> [GOAL OF THE EXERCISE]:
Would you output the entries below only from the line containing "Lemma in_deg_le_color_deg k" through the line containing "under [X in _ +", exactly as they stand and with both ends included?
☆ ☆ ☆ ☆ ☆
(* Let $G=(V,E,w)$ be a weighted digraph and $W=\sum_{e\in E}w(e)$. Then $\chi_w(G)\le 2\lfloor\sqrt{2W}\rfloor+1$.
   Context: A weighted digraph is $G=(V,E,w)$ with $w:E\to[0,1]$. A $k$-coloring is a map $c:V\to\{1,\dots,k\}$, and $c[v]$ denotes the set of vertices with color $c(v)$. For $S\subseteq V$, $d^-_S(v)=\sum_{u\in S,(u,v)\in E}w(u,v)$. A weighted improper $k$-coloring is a $k$-coloring with $d^-_{c[v]}(v)<1$ for every $v$; $\chi_w(G)$ is the minimum $k$ for which one exists. *)

From HB Require Import structures.
From mathcomp Require Import all_boot all_order all_algebra.
From mathcomp Require Import reals.
Set Implicit Arguments. Unset Strict Implicit. Unset Printing Implicit Defensive.
Import Order.TTheory GRing.Theory Num.Theory.
Local Open Scope ring_scope.

Definition weighted_digraph (R : realType) (V : finType) (E : rel V)
  (w : V -> V -> R) : Prop :=
  irreflexive E /\ (forall u v, E u v -> 0 <= w u v <= 1).

Definition total_weight (R : realType) (V : finType) (E : rel V)
  (w : V -> V -> R) : R :=
  \sum_(u : V) \sum_(v : V | E u v) w u v.

Definition in_deg (R : realType) (V : finType) (E : rel V)
  (w : V -> V -> R) (S : {set V}) (v : V) : R :=
  \sum_(u in S | E u v) w u v.

Definition color_class (V : finType) (k : nat) (c : {ffun V -> 'I_k}) (v : V)
  : {set V} := [set u | c u == c v].

Definition weighted_improper (R : realType) (V : finType) (E : rel V)
  (w : V -> V -> R) (k : nat) (c : {ffun V -> 'I_k}) : bool :=
  [forall v, in_deg E w (color_class c v) v < 1].

Definition w_colorable (R : realType) (V : finType) (E : rel V)
  (w : V -> V -> R) (k : nat) : bool :=
  [exists c : {ffun V -> 'I_k}, weighted_improper E w c].

(* chi_w(G): least k admitting a weighted improper k-colouring.  For a
   loop-free digraph, #|V| colours always suffice (proper colouring), so the
   minimum is attained in [0, #|V|]. *)
Definition chi_w (R : realType) (V : finType) (E : rel V)
  (w : V -> V -> R) : nat :=
  \big[minn/#|V|]_(k < #|V|.+1 | w_colorable E w k) (k : nat).

From HB Require Import structures.
From mathcomp Require Import all_boot all_order all_algebra.
From mathcomp Require Import reals.
From mathcomp Require Import zify.
Import Order.TTheory GRing.Theory Num.Theory.
Set Implicit Arguments. Unset Strict Implicit. Unset Printing Implicit Defensive.
Local Open Scope ring_scope.

(* Let n = floor (sqrt (2W)), and call a vertex heavy when its total (in plus
   out) degree is at least n+1.  The degrees sum to 2W < (n+1)^2, so there are
   at most n heavy vertices; give each its own colour.  Colour the light
   vertices with n+1 further colours so as to minimise the total weight of
   monochromatic arcs.  At such a minimum, moving a light vertex v to any of
   the n+1 light colours does not decrease the weight between v and its own
   class; summing over these colours, (n+1) d^-_{c[v]}(v) <= deg v < n+1. *)

Section LocalSearch.
Variables (R : realType) (V : finType) (E : rel V) (w : V -> V -> R).
Hypothesis E_irr : irreflexive E.
Hypothesis w_ge0 : forall u v, E u v -> 0 <= w u v.

Definition arcw u v : R := if E u v then w u v else 0.
Definition symw u v := arcw u v + arcw v u.
Definition deg v := \sum_u symw v u.

(* j ranges over nat so that colours from 'I_p and 'I_k can be compared. *)
Definition color_deg k (c : {ffun V -> 'I_k}) v (j : nat) :=
  \sum_(u | u != v) ((j == c u)%:R * symw v u).

Definition mono_weight k (c : {ffun V -> 'I_k}) :=
  \sum_u \sum_v ((c u == c v)%:R * arcw u v).

Definition recolor k (c : {ffun V -> 'I_k}) v j : {ffun V -> 'I_k} :=
  [ffun u => if u == v then j else c u].

Lemma arcw_ge0 u v : 0 <= arcw u v.
Proof. by rewrite /arcw; case: ifP => // /w_ge0. Qed.

Lemma arcw_loop v : arcw v v = 0.
Proof. by rewrite /arcw E_irr. Qed.

Lemma symw_ge0 u v : 0 <= symw u v.
Proof. by rewrite addr_ge0 ?arcw_ge0. Qed.

Lemma deg_ge0 v : 0 <= deg v.
Proof. by rewrite sumr_ge0 // => u _; apply: symw_ge0. Qed.

Lemma sum_deg : \sum_v deg v = 2 * total_weight E w.
Proof.
have -> : total_weight E w = \sum_u \sum_v arcw u v.
  by apply: eq_bigr => u _; rewrite big_mkcond.
rewrite /deg /symw; under eq_bigr => v _ do rewrite big_split.
by rewrite big_split /= [X in _ + X]exchange_big mulr_natl mulr2n.
Qed.

Lemma total_weight_ge0 : 0 <= total_weight E w.
Proof. by rewrite sumr_ge0 // => u _; rewrite sumr_ge0 // => v /w_ge0. Qed.

Lemma card_heavy_le (m : R) :
  0 <= m -> #|[set v | m <= deg v]|%:R * m <= 2 * total_weight E w.
Proof.
move=> m_ge0; set S := [set v | m <= deg v].
have -> : #|S|%:R * m = \sum_(v in S) m by rewrite sumr_const mulr_natl.
rewrite -sum_deg [X in _ <= X](bigID (mem S)) /=.
apply: ler_wpDr; first by rewrite sumr_ge0 // => v _; apply: deg_ge0.
by apply: ler_sum => v; rewrite inE.
Qed.

Lemma in_deg_le_color_deg k (c : {ffun V -> 'I_k}) v :
  in_deg E w (color_class c v) v <= color_deg c v (c v).
Proof.
rewrite /in_deg /color_deg big_mkcond [X in _ <= X]big_mkcond /=.
apply: ler_sum => u _.
case: (eqVneq u v) => [->|u_v]; first by rewrite E_irr andbF.
rewrite /color_class inE -val_eqE eq_sym /=.
case: (nat_of_ord (c v) == c u); last by rewrite mul0r.
rewrite mul1r /symw {2}/arcw; case: (E u v); first by rewrite lerDr arcw_ge0.
by rewrite addr0 arcw_ge0.
Qed.

Lemma mono_weight_split k (c : {ffun V -> 'I_k}) v :
  mono_weight c =
  \sum_(u | u != v) \sum_(x | x != v) ((c u == c x)%:R * arcw u x)
  + color_deg c v (c v).
Proof.
rewrite /mono_weight (bigD1 v) //= (bigD1 v) //= arcw_loop mulr0 add0r.
under [X in _ + X = _]eq_bigr => u _ do rewrite (bigD1 v) //=.
rewrite big_split /= /color_deg /symw.
under [X in _ = _ + X]eq_bigr => u _ do rewrite mulrDr.
rewrite big_split /= addrCA addrA addrC; congr (_ + _).
by rewrite addrC; congr (_ + _); apply: eq_bigr => u _; rewrite eq_sym.
Qed.

Lemma mono_weight_recolor k (c : {ffun V -> 'I_k}) v j :
  mono_weight c <= mono_weight (recolor c v j) ->
  color_deg c v (c v) <= color_deg c v j.
Proof.
rewrite (mono_weight_split c v) (mono_weight_split (recolor c v j) v).
rewrite /recolor ffunE eqxx /color_deg.
under [X in _ <= X + _ -> _]eq_bigr => u u_v.
  by under eq_bigr => x x_v do rewrite !ffunE (negbTE u_v) (negbTE x_v); over.
rewrite lerD2l.
by under [X in _ <= X -> _]eq_bigr => u u_v do rewrite ffunE (negbTE u_v).
Qed.

Lemma sum_color_deg_le k (c : {ffun V -> 'I_k}) v p :
  (p <= k)%N -> \sum_(j < p) color_deg c v j <= deg v.
Proof.
move=> p_le_k; rewrite (big_ord_widen _ _ p_le_k) /= big_mkcond /=.
apply: (@le_trans _ _ (\sum_(j < k) color_deg c v j)).
  apply: ler_sum => j _; case: ifP => // _.
  by rewrite sumr_ge0 // => u _; rewrite mulr_ge0 ?symw_ge0.
rewrite exchange_big /deg [X in _ <= X](bigD1 v) //= ler_wpDl ?symw_ge0 //.
apply: ler_sum => u _; rewrite -mulr_suml.
suff -> : \sum_(j < k) ((j : nat) == c u)%:R = 1 :> R by rewrite mul1r.
rewrite (bigD1 (c u)) //= eqxx big1 ?addr0 // => j.
by rewrite -val_eqE => /negbTE ->.
Qed.

Variables (k p : nat) (H : {set V}) (heavy_col : V -> 'I_k).
Hypothesis p_gt0 : (0 < p)%N.
Hypothesis p_le_k : (p <= k)%N.
Hypothesis heavy_col_inj : {in H &, injective heavy_col}.
Hypothesis heavy_col_ge : {in H, forall v, p <= heavy_col v}%N.
Hypothesis deg_light : forall v, v \notin H -> deg v < p%:R.

Definition admissible (c : {ffun V -> 'I_k}) :=
  [forall v, if v \in H then c v == heavy_col v else (c v < p)%N].

Lemma admissible_recolor c v (j : 'I_k) :
  admissible c -> v \notin H -> (j < p)%N -> admissible (recolor c v j).
Proof.
move=> /forallP adm_c vNH j_lt; apply/forallP => u; rewrite ffunE.
by case: (eqVneq u v) => [->|_]; [rewrite (negbTE vNH) | apply: adm_c].
Qed.

Lemma in_deg_heavy c v :
  admissible c -> v \in H -> in_deg E w (color_class c v) v = 0.
Proof.
move=> /forallP adm_c vH; have := adm_c v; rewrite vH => /eqP cv.
rewrite /in_deg big1 // => u /andP[]; rewrite inE => /eqP cuv Euv.
suff u_v : u = v by rewrite u_v E_irr in Euv.
have := adm_c u; case: ifP => [uH /eqP cu | _].
  by apply: heavy_col_inj; rewrite // -cu -cv cuv.
by rewrite cuv cv ltnNge heavy_col_ge.
Qed.

Lemma in_deg_light_lt1 c v :
  admissible c ->
  (forall c', admissible c' -> mono_weight c <= mono_weight c') ->
  v \notin H -> in_deg E w (color_class c v) v < 1.
Proof.
move=> adm_c c_min vNH.
have p_pos : 0 < p%:R :> R by rewrite ltr0n.
rewrite -(ltr_pM2l p_pos) mulr1; apply: le_lt_trans (deg_light vNH).
apply: le_trans (sum_color_deg_le c v p_le_k).
rewrite mulr_natl -[X in _ *+ X]card_ord -sumr_const; apply: ler_sum => i _.
apply: (le_trans (in_deg_le_color_deg c v)).
apply: (mono_weight_recolor (j := widen_ord p_le_k i)); apply: c_min.
by apply: admissible_recolor => //=; rewrite ltn_ord.
Qed.

Lemma w_colorable_light_heavy : w_colorable E w k.
Proof.
pose c0 : {ffun V -> 'I_k} :=
  [ffun v => if v \in H then heavy_col v
             else Ordinal (leq_trans p_gt0 p_le_k)].
have adm_c0 : admissible c0.
  by apply/forallP => v; rewrite ffunE; case: (v \in H).
have [c adm_c c_min] := arg_minP (@mono_weight k) adm_c0.
apply/existsP; exists c; apply/forallP => v.
case: (boolP (v \in H)) => [vH | vNH]; last exact: in_deg_light_lt1.
by rewrite in_deg_heavy ?ltr01.
Qed.

End LocalSearch.

Lemma bigmin_le (I : eqType) (r : seq I) (P : pred I) (F : I -> nat) x0 i :
  i \in r -> P i -> (\big[minn/x0]_(j <- r | P j) F j <= F i)%N.
Proof.
elim: r => // j r IHr; rewrite inE big_cons => /predU1P[-> -> | /IHr le_i Pi].
  exact: geq_minl.
by case: ifP => _; rewrite ?(leq_trans (geq_minr _ _)) ?le_i.
Qed.

Lemma chi_w_le (R : realType) (V : finType) (E : rel V) (w : V -> V -> R) K :
  w_colorable E w K -> (chi_w E w <= K)%N.
Proof.
move=> col; rewrite /chi_w; case: (leqP K #|V|) => [K_le | K_gt].
  rewrite -ltnS in K_le.
  by apply: (@bigmin_le _ _ _ _ _ (Ordinal K_le)) => //; apply: mem_index_enum.
apply: leq_trans (ltnW K_gt); elim/big_ind: _ => //.
  by move=> x y x_le y_le; rewrite geq_min x_le.
by move=> i _; rewrite -ltnS ltn_ord.
Qed.

Lemma w_colorable_weight_lt_sq (R : realType) (V : finType) (E : rel V)
    (w : V -> V -> R) (n : nat) :
  irreflexive E -> (forall u v, E u v -> 0 <= w u v) ->
  2 * total_weight E w < (n.+1)%:R ^+ 2 -> w_colorable E w (n + n).+1.
Proof.
move=> E_irr w_ge0 W_lt.
pose H := [set v | (n.+1)%:R <= deg E w v].
have card_H : (#|H| <= n)%N.
  rewrite -ltnS -(ltr_nat R) -(@ltr_pM2r _ (n.+1)%:R) ?ltr0n //.
  by rewrite (le_lt_trans (card_heavy_le w_ge0 _)) // -expr2.
pose heavy_col v : 'I_(n + n).+1 := inord (n.+1 + index v (enum H)).
have heavy_colE v :
    v \in H -> heavy_col v = (n.+1 + index v (enum H))%N :> nat.
  move=> vH; rewrite inordK // addSn ltnS ltn_add2l (leq_trans _ card_H) //.
  by rewrite cardE index_mem mem_enum.
apply: (w_colorable_light_heavy E_irr w_ge0 (p := n.+1) (H := H)
  (heavy_col := heavy_col)).
- by [].
- by rewrite ltnS leq_addr.
- move=> u v uH vH /(congr1 val) /=; rewrite !heavy_colE // => /addnI.
  by apply: (index_inj u); rewrite mem_enum.
- by move=> v vH; rewrite heavy_colE // leq_addr.
- by move=> v; rewrite inE -ltNge.
Qed.

Theorem theorem3p5 (R : realType) (V : finType) (E : rel V) (w : V -> V -> R) :
  weighted_digraph E w ->
  ((chi_w E w)%:R : int) <= 2 * Num.floor (Num.sqrt (2 * total_weight E w)) + 1.
Proof.
move=> [E_irr w01]; set W := total_weight E w.
have w_ge0 u v : E u v -> 0 <= w u v by move/w01/andP=> [].
have W_ge0 : 0 <= 2 * W by rewrite mulr_ge0 ?total_weight_ge0.
set n := Num.truncn (Num.sqrt (2 * W)).
have floorE : Num.floor (Num.sqrt (2 * W)) = n%:Z.
  by rewrite /n truncn_floor sqrtr_ge0 gez0_abs // floor_ge0 sqrtr_ge0.
have W_lt : 2 * W < (n.+1)%:R ^+ 2.
  rewrite -(sqr_sqrtr W_ge0) ltr_pXn2r ?nnegrE ?sqrtr_ge0 //.
  exact: truncnS_gt.
rewrite floorE; apply: (@le_trans _ _ ((n + n).+1)%:R).
  by rewrite ler_nat chi_w_le // w_colorable_weight_lt_sq.
lia.
Qed.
☆ ☆ ☆ ☆ ☆
> [ANSWER AREA]:
Lemma in_deg_le_color_deg k (c : {ffun V -> 'I_k}) v :
  in_deg E w (color_class c v) v <= color_deg c v (c v).
Proof.
rewrite /in_deg /color_deg big_mkcond [X in _ <= X]big_mkcond /=.
apply: ler_sum => u _.
case: (eqVneq u v) => [->|u_v]; first by rewrite E_irr andbF.
rewrite /color_class inE -val_eqE eq_sym /=.
case: (nat_of_ord (c v) == c u); last by rewrite mul0r.
rewrite mul1r /symw {2}/arcw; case: (E u v); first by rewrite lerDr arcw_ge0.
by rewrite addr0 arcw_ge0.
Qed.

Lemma mono_weight_split k (c : {ffun V -> 'I_k}) v :
  mono_weight c =
  \sum_(u | u != v) \sum_(x | x != v) ((c u == c x)%:R * arcw u x)
  + color_deg c v (c v).
Proof.
rewrite /mono_weight (bigD1 v) //= (bigD1 v) //= arcw_loop mulr0 add0r.
under [X in _ + X = _]eq_bigr => u _ do rewrite (bigD1 v) //=.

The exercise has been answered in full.